What is required ->
Could you set down exactly the lines of the data below, starting at the one that holds "have bs_onto (l" and ending at the one that holds "by rewrite !linearZ /= Lm rowK.", both included, and only those?

Supplied entries ->
- - -

(* Let $A$ be an associative unital algebra and $(H,\pi,\psi)$ a left twisting datum for $A$. Let $A^H=\{a\in A: h\cdot a=\varepsilon(h)a\ \forall h\in H\}$ and $A^{co(H)}=\{a\in A: a_{(-1)}\otimes a_{(0)}=1\otimes a\}$. Then $A^H$ is a subalgebra which is a left $H$-comodule algebra (by restricting $\psi$) and $A^{co(H)}$ is a subalgebra which is a left $H$-module algebra (by restricting $\pi$). If moreover $ab=ba$ for all $a\in A^{co(H)}$ and $b\in A^H$, then the map $A^{co(H)}\blacktriangleright\!\!<A^H\to(A,\star)$, $a\blacktriangleright\!\!<b\mapsto ab$, is an algebra map.
   Context: Work over a field $k$; $H$ a bialgebra, $\Delta(h)=h_1\otimes h_2$. A left twisting datum $(H,\pi,\psi)$ for $A$: $A$ is a left $H$-module algebra ($\pi(h\otimes a)=h\cdot a$, $h\cdot(ab)=(h_1\cdot a)(h_2\cdot b)$, $h\cdot1=\varepsilon(h)1$) and a left $H$-comodule algebra ($\psi(a)=a_{(-1)}\otimes a_{(0)}$ an algebra map) with $(h\cdot a)_{(-1)}\otimes(h\cdot a)_{(0)}=a_{(-1)}\otimes h\cdot a_{(0)}$; the left twisted product is $a\star b=a_{(0)}(a_{(-1)}\cdot b)$. For a left $H$-module algebra $M$ and left $H$-comodule algebra $N$ (coaction $n\mapsto n_{(-1)}\otimes n_{(0)}$), the generalized smash product $M\blacktriangleright\!\!<N$ is $M\otimes N$ with product $(m\blacktriangleright\!\!<n)(m'\blacktriangleright\!\!<n')=m(n_{(-1)}\cdot m')\blacktriangleright\!\!<n_{(0)}n'$. *)

(* Tensor products over the field k are not in the library;
   an element of U (x) V is represented by a finite list of pairs (a formal sum
   of pure tensors), and equality in U (x) V is the relation [teq], defined by
   the universal property: two formal sums are equal in U (x) V iff every
   k-bilinear map U x V -> W (W any k-vector space) takes the same value on
   them.  Sweedler notation
   Delta(h) = h_1 (x) h_2  is  "\sum_(p <- D h) ... p.1 ... p.2 ...". *)
From HB Require Import structures.
From mathcomp Require Import all_boot all_order all_algebra.
Set Implicit Arguments. Unset Strict Implicit. Unset Printing Implicit Defensive.
Import GRing.Theory.
Local Open Scope ring_scope.

Section TensorDefs.
Variable k : fieldType.
(* There is an absolute constant $C>0$ with the following property. Let $m\ge1$ and $\pi\in\mathcal P_{\le2}(m)$, and let $N^2_\pi(m)$ be the number of pairs $(\sigma,\tau)$ of commuting involutions in $\mathrm{Sym}_m$ such that $\sigma$ preserves $\pi$. Then \[ N^2_\pi(m)\le C^m(m!)^{\frac34-\frac{\pi_2}{2m}} . \]
   Context: $\mathcal P_{\le2}(m)$ is the set of set partitions of $\{1,\dots,m\}$ with all blocks of size at most $2$, and $\pi_2$ is the number of blocks of size $2$ of $\pi$. A permutation preserves $\pi$ if it maps blocks of $\pi$ to blocks of $\pi$. Involutions are elements $\sigma$ with $\sigma^2=1$ (the identity included). *)

From mathcomp Require Import all_boot all_fingroup.
From Stdlib Require Import Reals.
Set Implicit Arguments. Unset Strict Implicit. Unset Printing Implicit Defensive.

(* The ground set {1,...,m} is modelled by 'I_m. *)

Definition partition_le2 (m : nat) (pi : {set {set 'I_m}}) : bool :=
  partition pi [set: 'I_m] && [forall B in pi, #|B| <= 2].

Definition nblocks2 (m : nat) (pi : {set {set 'I_m}}) : nat :=
  #|[set B in pi | #|B| == 2]|.

Definition preserves (m : nat) (pi : {set {set 'I_m}}) (s : {perm 'I_m}) : bool :=
  [forall B in pi, (s @: B) \in pi].

Definition involution (m : nat) (s : {perm 'I_m}) : bool := (s * s == 1)%g.

Definition N2 (m : nat) (pi : {set {set 'I_m}}) : nat :=
  #|[set st : {perm 'I_m} * {perm 'I_m} |
      [&& involution st.1, involution st.2,
          (st.1 * st.2 == st.2 * st.1)%g & preserves pi st.1]]|.
(* The [K] in [H^N] with [K ∩ N = L], unique by [fam_upN_setIN_inj]. *)
Definition upN_lift (L : set G) : set G := xget L [set K | fam_upN N Hf K /\ K `&` N = L].

Definition merge_vertex (w : (set (set G) * set (set G)) + (set G * set G)) : set G * set G :=
  match w with
  | inl p => (\bigcup_(Y in p.1) Y, \bigcup_(Y in p.2) Y)
  | inr p => (upN_lift p.1, sm p.2 (upN_lift p.1))
  end.

Lemma upN_lift_setIN K : fam_upN N Hf K -> upN_lift (K `&` N) = K.
Proof.
move=> upK; rewrite /upN_lift.
case: xgetP => [K' _ [upK' eqN] | /(_ K) []//]; exact: fam_upN_setIN_inj.
Qed.

Lemma split_vertex_low v : low_vertex v -> split_vertex v = inl (qvertex v).
Proof. by move=> [lowv _]; rewrite /split_vertex asboolT. Qed.

Lemma split_vertex_up v : up_vertex v -> split_vertex v = inr (nvertex v).
Proof. by move=> [/fam_upN_nlowN upv _]; rewrite /split_vertex asboolF. Qed.

Lemma qvertexK v : low_vertex v -> merge_vertex (inl (qvertex v)) = v.
Proof.
case: v => H C [/= lowH [g ->]]; have subH := fam_lowN_subgroup lowH.
congr pair; apply: bigcup_qimage => c n; last exact: fam_lowN_lcoset_mulN.
by move=> Hc Nn; apply: (subgroupM subH Hc); exact: divN.1.
Qed.

Lemma nvertexK v : up_vertex v -> merge_vertex (inr (nvertex v)) = v.
Proof.
case: v => K C [/= upK [n Nn ->]]; have subK := fam_upN_subgroup upK.
rewrite /= upN_lift_setIN // lcoset_setIN // setmul_lcoset //.
by split; [exact: (subgroup1 subK) | exact: (subgroup1 subN)].
Qed.

Lemma qvertex_cc v : low_vertex v -> cc_quot (qvertex v).
Proof.
case: v => H C [/= lowH [g ->]]; split; first by exists H.
by exists (lc g N); [exists g | rewrite /= qimage_lcoset].
Qed.

Lemma nvertex_cc v : up_vertex v -> cc_sub (nvertex v).
Proof.
case: v => K C [/= upK [n Nn ->]]; split; first by exists K.
by exists n => //=; rewrite lcoset_setIN //; exact: fam_upN_subgroup.
Qed.

Lemma cc_quot_qvertex w : cc_quot w -> exists2 v, low_vertex v & w = qvertex v.
Proof.
case: w => X D [/= [H lowH <-] [_ [g _ <-] ->]].
by exists (H, lc g H); [split; last exists g | rewrite /qvertex qimage_lcoset].
Qed.

Lemma cc_sub_nvertex w : cc_sub w -> exists2 v, up_vertex v & w = nvertex v.
Proof.
case: w => L E [/= [K upK <-] [n Nn ->]].
exists (K, lc n K); first by split; last exists n.
by rewrite /nvertex /= lcoset_setIN //; exact: fam_upN_subgroup.
Qed.

Lemma join_vertexP t w : join t -> t w ->
  (exists2 v, low_vertex v & w = inl (qvertex v)) \/
  (exists2 v, up_vertex v & w = inr (nvertex v)).
Proof.
move=> jt; case: w => p tp; [left | right].
  have [_ [_ [tv _]]] := sjoin_inl_face jt tp.
  by have [v lowv ->] := cc_quot_qvertex (tv p tp); exists v.
have [_ [_ [tv _]]] := sjoin_inr_face jt tp.
by have [v upv ->] := cc_sub_nvertex (tv p tp); exists v.
Qed.

Lemma split_vertexK v : is_vertex (CC Hf) v -> merge_vertex (split_vertex v) = v.
Proof.
move=> [s [_ [_ [sv _]]] /sv/cc_vertex_lowVup [lowv | upv]].
  by rewrite split_vertex_low // qvertexK.
by rewrite split_vertex_up // nvertexK.
Qed.

Lemma merge_vertexK w : is_vertex join w -> split_vertex (merge_vertex w) = w.
Proof.
move=> [t jt /(join_vertexP jt) [[v lowv ->] | [v upv ->]]].
  by rewrite qvertexK // split_vertex_low.
by rewrite nvertexK // split_vertex_up.
Qed.

Lemma preimage_inl_split s : s `<=` cc_G ->
  inl @^-1` (split_vertex @` s) = qvertex @` (s `&` low_vertex).
Proof.
move=> sv; rewrite eqEsubset; split => [p [v sv' ev] | _ [v [sv' lowv] <-]] /=.
  case: (cc_vertex_lowVup (sv _ sv')) => [lowv | upv].
    by exists v => //; move: ev; rewrite split_vertex_low // => -[].
  by move: ev; rewrite split_vertex_up.
by exists v => //; rewrite split_vertex_low.
Qed.

Lemma preimage_inr_split s : s `<=` cc_G ->
  inr @^-1` (split_vertex @` s) = nvertex @` (s `&` up_vertex).
Proof.
move=> sv; rewrite eqEsubset; split => [p [v sv' ev] | _ [v [sv' upv] <-]] /=.
  case: (cc_vertex_lowVup (sv _ sv')) => [lowv | upv].
    by move: ev; rewrite split_vertex_low.
  by exists v => //; move: ev; rewrite split_vertex_up // => -[].
by exists v => //; rewrite split_vertex_up.
Qed.

Lemma qvertex_face L : L `<=` low_vertex -> finite_set L -> L !=set0 ->
  (exists x, forall v, L v -> v.2 x) -> CC_quot N Hf (qvertex @` L).
Proof.
move=> Llow finL [v0 Lv0] [x Lx]; split; first exact: finite_image.
split; first by exists (qvertex v0), v0.
split; first by move=> _ [v Lv <-]; exact/qvertex_cc/Llow.
by exists (lc x N) => _ [v Lv <-]; exists x => //; exact: Lx.
Qed.

Lemma nvertex_face U : U `<=` up_vertex -> finite_set U -> U !=set0 ->
  (exists2 z, N z & forall v, U v -> v.2 z) -> CC_sub N Hf (nvertex @` U).
Proof.
move=> Uup finU [v0 Uv0] [z Nz Uz]; split; first exact: finite_image.
split; first by exists (nvertex v0), v0.
split; first by move=> _ [v Uv <-]; exact/nvertex_cc/Uup.
by exists z => _ [v Uv <-]; split => //; exact: Uz.
Qed.

Lemma split_face s : CC Hf s -> join (split_vertex @` s).
Proof.
move=> [fins [[v0 sv0] [sv [x sx]]]].
split; first by exists (split_vertex v0), v0.
split; rewrite ?preimage_inl_split ?preimage_inr_split //.
  have [-> | /eqP/set0P L0] := pselect (s `&` low_vertex = set0); first by right; rewrite image_set0.
  left; apply: qvertex_face => //; first exact: finite_setIl.
  by exists x => v [sv' _]; exact: sx.
have [-> | /eqP/set0P U0] := pselect (s `&` up_vertex = set0); first by right; rewrite image_set0.
have finU : finite_set (s `&` up_vertex) by exact: finite_setIl.
have [z Nz Uz] : exists2 z, lc e N z & forall v, (s `&` up_vertex) v -> v.2 z.
  by apply: (up_vertices_common_point (y := x) e _ finU) => [v [] | v [/sx]].
left; apply: nvertex_face => //.
by exists z => //; move: Nz; rewrite lcoset1.
Qed.

Lemma join_low_common_point t : join t ->
  exists c, forall v, low_vertex v -> t (inl (qvertex v)) -> v.2 c.
Proof.
move=> jt; have [[v0 lowv0 tv0] | none] := pselect (exists2 v, low_vertex v & t (inl (qvertex v))).
  have [_ [_ [_ [Q tQ]]]] := sjoin_inl_face jt tv0.
  have [c _ eQ] := tQ _ tv0; subst Q; exists c => v lowv tv.
  exact: (low_vertex_qimage lowv (tQ _ tv)).
by exists e => v lowv tv; case: none; exists v.
Qed.

Lemma join_up_common_point t : join t ->
  exists y, forall v, up_vertex v -> t (inr (nvertex v)) -> v.2 y.
Proof.
move=> jt; have [[v0 upv0 tv0] | none] := pselect (exists2 v, up_vertex v & t (inr (nvertex v))).
  have [_ [_ [_ [y ty]]]] := sjoin_inr_face jt tv0.
  by exists y => v upv /ty [].
by exists e => v upv tv; case: none; exists v.
Qed.

Lemma merge_face t : join t -> CC Hf (merge_vertex @` t).
Proof.
move=> jt; have fint : finite_set t by apply: (sjoin_finite _ _ jt) => s [].
have vertices w : t w -> cc_G (merge_vertex w).
  move=> /(join_vertexP jt) [[v lowv ->] | [v upv ->]].
    by rewrite qvertexK //; exact: low_vertex_cc.
  by rewrite nvertexK //; exact: up_vertex_cc.
have [c low_c] := join_low_common_point jt.
have [y up_y] := join_up_common_point jt.
set U := [set v | up_vertex v /\ t (inr (nvertex v))].
have finU : finite_set U.
  apply: sub_finite_set (finite_image merge_vertex fint) => v [upv tv].
  by exists (inr (nvertex v)); rewrite ?nvertexK.
have [z cz Uz] : exists2 z, lc c N z & forall v, U v -> v.2 z.
  by apply: (up_vertices_common_point (y := y) c _ finU) => [v [] | v [/up_y]].
split; first exact: finite_image.
split; first by case: jt => -[w0 tw0] _; exists (merge_vertex w0), w0.
split; first by move=> _ [w tw <-]; exact: vertices.
exists z => _ [w tw <-]; case: (join_vertexP jt tw) => -[v vv ew]; move: tw; rewrite ew.
  by rewrite qvertexK // => tv; exact: (low_vertex_lcoset vv (low_c v vv tv)).
by rewrite nvertexK // => tv; exact: Uz.
Qed.
Lemma linear_surj_inj xs (L : {linear V -> V}) :
  (forall v, in_span xs v -> in_span xs (L v)) ->
  (forall v, in_span xs v -> exists2 u, in_span xs u & L u = v) ->
  forall v, in_span xs v -> L v = 0 -> v = 0.
Proof.
move=> Lxs L_onto.
have [bs bs_indep bs_span] := exists_basis xs.
have bs_xs (l : 'I_(size bs)) : in_span xs bs`_l by apply/bs_span/in_span_mem/mem_nth.
have Lbs (l : 'I_(size bs)) : {c | L bs`_l = lincomb bs c}.
  by apply: sig_eqW; apply/bs_span/Lxs.
have [m Lm] := all_sig Lbs.
have bs_onto (l : 'I_(size bs)) : {c | L (lincomb bs c) = bs`_l}.
  apply: (sig_eqW (lhs := L \o lincomb bs)) => /=.
  by have [_ /bs_span[c ->] <-] := L_onto _ (bs_xs l); exists c.
have [d Ld] := all_sig bs_onto.
pose M := \matrix_l m l; pose D := \matrix_l d l.
have LM c : L (lincomb bs c) = lincomb bs (c *m M).
  rewrite mulmx_sum_row !linear_sum; apply: eq_bigr => l _.
  by rewrite !linearZ /= Lm rowK.
have DM : D *m M = 1%:M.
  apply/row_matrixP => l; rewrite row_mul rowK row1.
  apply: (lincomb_inj bs_indep); rewrite -LM.
  by rewrite lincomb_delta -Ld.
move=> _ /bs_span[c ->]; rewrite LM -[X in _ = X](linear0 (lincomb bs)).
move=> /(lincomb_inj bs_indep) cM0.
by rewrite -[c]mulmx1 -(mulmx1C DM) mulmxA cM0 mul0mx linear0.
Qed.

End Span.

Lemma in_span_linear (k : fieldType) (V W : lmodType k) (f : {linear V -> W}) xs v :
  in_span xs v -> in_span (map f xs) (f v).
Proof.
apply: (in_span_min (S := fun v => in_span (map f xs) (f v))).
- by rewrite linear0; apply: in_span0.
- by move=> a u w *; rewrite linearP; apply: in_span_lin.
- by move=> x xx; apply/in_span_mem/map_f.
Qed.


Section Subspace.
Variables (k : fieldType) (A : algType k) (S : A -> Prop).
Hypothesis S_subspace : subspace S.

Lemma subspace0 : S 0. Proof. by case: S_subspace. Qed.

- - -

Response ->
have bs_onto (l : 'I_(size bs)) : {c | L (lincomb bs c) = bs`_l}.
  apply: (sig_eqW (lhs := L \o lincomb bs)) => /=.
  by have [_ /bs_span[c ->] <-] := L_onto _ (bs_xs l); exists c.
have [d Ld] := all_sig bs_onto.
pose M := \matrix_l m l; pose D := \matrix_l d l.
have LM c : L (lincomb bs c) = lincomb bs (c *m M).
  rewrite mulmx_sum_row !linear_sum; apply: eq_bigr => l _.
  by rewrite !linearZ /= Lm rowK.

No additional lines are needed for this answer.